→ **Your instructions**
Of the material below, the lines to be retyped are those from the line containing "Lemma sytk_mem_inj u" through the line containing "have cc' : c != c'.", inclusive; reproduce them exactly.

→ **Available data**
Lemma sytk_cell u z : z \in S u -> cellp la u.
Proof. by apply: contraTT => /sytk_set0 ->; rewrite inE. Qed.

Lemma sytk_set0Pn u : cellp la u -> exists z, z \in S u.
Proof. by case/and5P: HS => _ /forallP ne _ _ _ /(implyP (ne u))/set0Pn. Qed.

Lemma sytk_mem_inj u v z : z \in S u -> z \in S v -> u = v.
Proof.
case/and5P: HS => _ _ /forallP disj _ _ Su Sv; apply/eqP; apply: contraTT isT => uv.
by have /disjointFr/(_ Su) := implyP (forallP (disj u) v) uv; rewrite Sv.
Qed.

Lemma sytk_cover z : exists u, z \in S u.
Proof. by case/and5P: HS => _ _ _ /forallP/(_ z)/existsP. Qed.

Lemma sytk_lt u v p q : u != v -> cell_le u v -> p \in S u -> q \in S v -> p < q.
Proof.
case/and5P: HS => _ _ _ _ /forallP ord uv /andP[le1 le2] Sp Sq.
have := implyP (forallP (ord u) v).
rewrite (sytk_cell Sp) (sytk_cell Sq) uv le1 le2 => /(_ isT) /forall_inP /(_ p Sp).
by move/forall_inP; apply.
Qed.

Lemma sytk_consecutive_minima c c' (x y : 'I_(n + k)) :
  (y : nat) = x.+1 -> is_min S c x -> is_min S c' y ->
  [/\ cellp la c, cellp la c', c != c' & ~~ cell_le c' c].
Proof.
move=> Exy mx my; have Sx := is_min_mem mx; have Sy := is_min_mem my.
have cc' : c != c'.
  by apply/eqP => Ec; move: Exy; rewrite Ec in mx; rewrite (is_min_uniq mx my); lia.
split; rewrite ?(sytk_cell Sx) ?(sytk_cell Sy) //.
apply/negP => le; have := sytk_lt _ le Sy Sx; rewrite eq_sym cc' Exy => /(_ isT); lia.
Qed.

End SytkTheory.

Lemma deskw_ext n k (S : filling n k) w1 w2 :
  (forall c c' (x y : 'I_(n + k)), (y : nat) = x.+1 -> is_min S c x -> is_min S c' y ->
     (w1 c' < w1 c) = (w2 c' < w2 c)) -> deskw w1 S = deskw w2 S.
Proof.
move=> Ew; apply/setP => x; rewrite !inE; congr orb.
apply: eq_existsb => c; apply: eq_existsb => c'; apply: eq_existsb => y.
by apply/and4P/and4P => -[/eqP Exy mx my]; rewrite (Ew c c' x y) // Exy.
Qed.

Lemma deskw_ext_sytk n k la (S : filling n k) w1 w2 : sytk la S ->
  (forall c c', cellp la c -> cellp la c' -> c != c' -> ~~ cell_le c' c ->
     (w1 c' < w1 c) = (w2 c' < w2 c)) -> deskw w1 S = deskw w2 S.
Proof.
move=> HS Ew; apply: deskw_ext => c c' x y Exy mx my.
by have [] := sytk_consecutive_minima HS Exy mx my; apply: Ew.
Qed.

Lemma tperm_succ_leq N (x y p q : 'I_N) : (y : nat) = x.+1 ->
  ~~ ((p == x) && (q == y)) -> ~~ ((p == y) && (q == x)) ->
  (tperm x y p <= tperm x y q) = (p <= q).
Proof.
rewrite -!(inj_eq val_inj) /= => Exy.
case: tpermP => [->|->|/eqP + /eqP +]; case: tpermP => [->|->|/eqP + /eqP +];
  rewrite -?(inj_eq val_inj) /=; lia.
Qed.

→ **Your response**
Lemma sytk_mem_inj u v z : z \in S u -> z \in S v -> u = v.
Proof.
case/and5P: HS => _ _ /forallP disj _ _ Su Sv; apply/eqP; apply: contraTT isT => uv.
by have /disjointFr/(_ Su) := implyP (forallP (disj u) v) uv; rewrite Sv.
Qed.

Lemma sytk_cover z : exists u, z \in S u.
Proof. by case/and5P: HS => _ _ _ /forallP/(_ z)/existsP. Qed.

Lemma sytk_lt u v p q : u != v -> cell_le u v -> p \in S u -> q \in S v -> p < q.
Proof.
case/and5P: HS => _ _ _ _ /forallP ord uv /andP[le1 le2] Sp Sq.
have := implyP (forallP (ord u) v).
rewrite (sytk_cell Sp) (sytk_cell Sq) uv le1 le2 => /(_ isT) /forall_inP /(_ p Sp).
by move/forall_inP; apply.
Qed.

Lemma sytk_consecutive_minima c c' (x y : 'I_(n + k)) :
  (y : nat) = x.+1 -> is_min S c x -> is_min S c' y ->
  [/\ cellp la c, cellp la c', c != c' & ~~ cell_le c' c].
Proof.
move=> Exy mx my; have Sx := is_min_mem mx; have Sy := is_min_mem my.
have cc' : c != c'.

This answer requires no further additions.